→ TASK BRIEF
The required result is an exact copy of the lines beginning at the line that contains "Proof. by rewrite -gmulA gmulVl gmul1r. Qed." and ending at the last line of the material below.

===

(* Let $G$ be a Garside group with Garside element $\Delta$, and let $H$ be an abelian subgroup of $G$ all of whose elements are periodic. Then the restriction $\mathrm{INF}|_H: H\to\mathbb Q$ is an injective group homomorphism. In particular, $H$ is cyclic.
   Context: $G$ is a Garside group: the group of fractions of a Garside monoid $G^+$ (an atomic, left and right cancellative monoid that is a lattice under both the prefix order and the suffix order, with a Garside element $\Delta$ whose left and right divisors coincide, form a finite set, and generate $G^+$); some positive power of $\Delta$ is central. For $g,h\in G$, $g\le_L h$ means $g^{-1}h\in G^+$; $\inf(g)=\max\{r\in\mathbb Z:\Delta^r\le_L g\}$ and $\mathrm{INF}(g)=\lim_{n\to\infty}\inf(g^n)/n$ (this limit exists and is rational). An element $g$ is periodic if $g=1$ or $g^k$ is conjugate to $\Delta^\ell$ for some nonzero integers $k,\ell$. *)

From HB Require Import structures.
From mathcomp Require Import all_boot all_order all_algebra.
From Stdlib Require Import ClassicalEpsilon.
Set Implicit Arguments. Unset Strict Implicit. Unset Printing Implicit Defensive.
Import Order.TTheory GRing.Theory Num.Theory.

Record Group := {
  gcar :> Type;
  gmul : gcar -> gcar -> gcar;
  gone : gcar;
  ginv : gcar -> gcar;
  gmulA : forall x y z, gmul x (gmul y z) = gmul (gmul x y) z;
  gmul1l : forall x, gmul gone x = x;
  gmul1r : forall x, gmul x gone = x;
  gmulVl : forall x, gmul (ginv x) x = gone;
  gmulVr : forall x, gmul x (ginv x) = gone
}.

Section GroupDefs.
Variable G : Group.
Local Notation "x * y" := (gmul x y).
Local Notation "1" := (gone G).

Definition gprod (s : seq G) : G := foldr (@gmul G) 1 s.

Definition gpown (g : G) (n : nat) : G := iter n (gmul g) 1.
Definition gpow (g : G) (k : int) : G :=
  match k with
  | Posz n => gpown g n
  | Negz n => ginv (gpown g n.+1)
  end.

Definition prefix (P : G -> Prop) (a b : G) := exists c, P c /\ b = a * c.
Definition suffix (P : G -> Prop) (a b : G) := exists c, P c /\ b = c * a.

Definition is_lattice (P : G -> Prop) (le : G -> G -> Prop) :=
  forall a b, P a -> P b ->
    (exists m, [/\ P m, le m a, le m b &
                forall c, P c -> le c a -> le c b -> le c m]) /\
    (exists j, [/\ P j, le a j, le b j &
                forall c, P c -> le a c -> le b c -> le j c]).

Definition atomic (P : G -> Prop) :=
  forall a, P a -> exists N : nat, forall s : seq G,
    (forall x, List.In x s -> P x /\ x <> 1) -> gprod s = a -> (size s <= N)%N.

End GroupDefs.

(* ---------- Garside groups ----------
   A Garside group is given as a group G together with a submonoid Pos
   (the Garside monoid G^+, embedded in G) such that G is the group of
   fractions of Pos (every element is a b^-1 with a, b in Pos), Pos is
   atomic, a lattice for both prefix and suffix orders (cancellativity is
   automatic inside a group), and Delta is a Garside element. *)
Record GarsideGroup := {
  ggrp :> Group;
  Pos : ggrp -> Prop;
  Delta : ggrp;
  Pos1 : Pos (gone ggrp);
  PosM : forall a b, Pos a -> Pos b -> Pos (gmul a b);
  Pos_fractions : forall g, exists a b, [/\ Pos a, Pos b & g = gmul a (ginv b)];
  Pos_atomic : atomic Pos;
  Pos_prefix_lattice : is_lattice Pos (prefix Pos);
  Pos_suffix_lattice : is_lattice Pos (suffix Pos);
  PosDelta : Pos Delta;
  Delta_divisors : forall a, Pos a -> (prefix Pos a Delta <-> suffix Pos a Delta);
  Delta_finite : exists s : seq ggrp,
      forall a, Pos a -> prefix Pos a Delta -> List.In a s;
  Delta_generates : forall a, Pos a -> exists s : seq ggrp,
      (forall x, List.In x s -> Pos x /\ prefix Pos x Delta) /\ gprod s = a
}.

Section GarsideDefs.
Variable G : GarsideGroup.

Definition leL (g h : G) := @Pos G (gmul (ginv g) h).

Definition is_inf (g : G) (r : int) :=
  leL (gpow (@Delta G) r) g /\ forall s : int, leL (gpow (@Delta G) s) g -> (s <= r)%R.

Definition infG (g : G) : int := epsilon (inhabits 0%R) (is_inf g).

Definition INF_limit (g : G) (q : rat) :=
  forall eps : rat, (0 < eps)%R -> exists N : nat, forall n : nat, (N <= n)%N -> (0 < n)%N ->
    (`| (infG (gpown g n))%:~R / n%:R - q | < eps)%R.

Definition INF (g : G) : rat := epsilon (inhabits 0%R) (INF_limit g).

Definition periodic (g : G) :=
  g = gone G \/
  exists (k l : int) (x : G), [/\ k <> 0%R, l <> 0%R &
      gpow g k = gmul (ginv x) (gmul (gpow (@Delta G) l) x)].

End GarsideDefs.

From Pilot Require Import Defs.
From HB Require Import structures.
From mathcomp Require Import all_boot all_order all_algebra zify.
From Stdlib Require Import ClassicalEpsilon.
Import Order.TTheory GRing.Theory Num.Theory.
Set Implicit Arguments. Unset Strict Implicit. Unset Printing Implicit Defensive.

(* Conjugation by Δ permutes the finite set of simple
      elements, so some power D = Δ^N (N > 0) fixes every simple element; as
      the simple elements generate G^+ and G is its group of fractions, D is
      central.
      If x^K = D^T with K > 0, then inf(x^n) - nNT/K is bounded, so
      INF(x) = NT/K.  A periodic x has such a power, with T <> 0 when x <> 1.
   3. Bounded denominators.  If x^K = D^L, conjugating x by the meet of the
      elements D^(-floor(jL/K)) x^j yields y whose normalised powers lie in the
      finite interval [1, D]; by pigeonhole x^e is a power of D for some e
      bounded by the number Q of positive divisors of D.  Hence INF(x) Q! is an
      integer.
   4. On H, INF is an additive map (powers of the factors commute), injective
      (INF(x) = 0 forces T = 0), with values in (1/Q!)Z; a subgroup with an
      injective homomorphism into Z is cyclic. *)

Section GroupFacts.
Variable G : Defs.Group.
Local Notation "x ⋅ y" := (@gmul G x y) (at level 40, left associativity).
Local Notation one := (gone G).
Local Notation inv := (@ginv G).

Lemma gmulKl (x y : G) : inv x ⋅ (x ⋅ y) = y.
Proof. by rewrite gmulA gmulVl gmul1l. Qed.

Lemma gmulKVl (x y : G) : x ⋅ (inv x ⋅ y) = y.
Proof. by rewrite gmulA gmulVr gmul1l. Qed.

Lemma gmulKr (x y : G) : y ⋅ x ⋅ inv x = y.
Proof. by rewrite -gmulA gmulVr gmul1r. Qed.

Lemma gmulKVr (x y : G) : y ⋅ inv x ⋅ x = y.
Proof. by rewrite -gmulA gmulVl gmul1r. Qed.

Lemma gmulIl (x y z : G) : x ⋅ y = x ⋅ z -> y = z.
Proof. by move=> e; rewrite -(gmulKl x y) e gmulKl. Qed.

Lemma gmulIr (x y z : G) : y ⋅ x = z ⋅ x -> y = z.
Proof. by move=> e; rewrite -(gmulKr x y) e gmulKr. Qed.

Lemma ginv_uniq (x y : G) : x ⋅ y = one -> y = inv x.
Proof. by move=> e; apply: (@gmulIl x); rewrite e gmulVr. Qed.

Lemma ginvK (x : G) : inv (inv x) = x.
Proof. by symmetry; apply: ginv_uniq; rewrite gmulVl. Qed.

Lemma ginv1 : inv one = one.
Proof. by symmetry; apply: ginv_uniq; rewrite gmul1l. Qed.

Lemma ginvM (x y : G) : inv (x ⋅ y) = inv y ⋅ inv x.
Proof. by symmetry; apply: ginv_uniq; rewrite -gmulA gmulKVl gmulVr. Qed.

Definition gcommute (x y : G) := x ⋅ y = y ⋅ x.

Lemma gcommute1 x : gcommute x one.
Proof. by rewrite /gcommute gmul1r gmul1l. Qed.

===

→ RESPONSE
Proof. by rewrite -gmulA gmulVl gmul1r. Qed.

Lemma gmulIl (x y z : G) : x ⋅ y = x ⋅ z -> y = z.
Proof. by move=> e; rewrite -(gmulKl x y) e gmulKl. Qed.

Lemma gmulIr (x y z : G) : y ⋅ x = z ⋅ x -> y = z.
Proof. by move=> e; rewrite -(gmulKr x y) e gmulKr. Qed.

Lemma ginv_uniq (x y : G) : x ⋅ y = one -> y = inv x.
Proof. by move=> e; apply: (@gmulIl x); rewrite e gmulVr. Qed.

Lemma ginvK (x : G) : inv (inv x) = x.
Proof. by symmetry; apply: ginv_uniq; rewrite gmulVl. Qed.

Lemma ginv1 : inv one = one.
Proof. by symmetry; apply: ginv_uniq; rewrite gmul1l. Qed.

Lemma ginvM (x y : G) : inv (x ⋅ y) = inv y ⋅ inv x.
Proof. by symmetry; apply: ginv_uniq; rewrite -gmulA gmulKVl gmulVr. Qed.

Definition gcommute (x y : G) := x ⋅ y = y ⋅ x.

Lemma gcommute1 x : gcommute x one.
Proof. by rewrite /gcommute gmul1r gmul1l. Qed.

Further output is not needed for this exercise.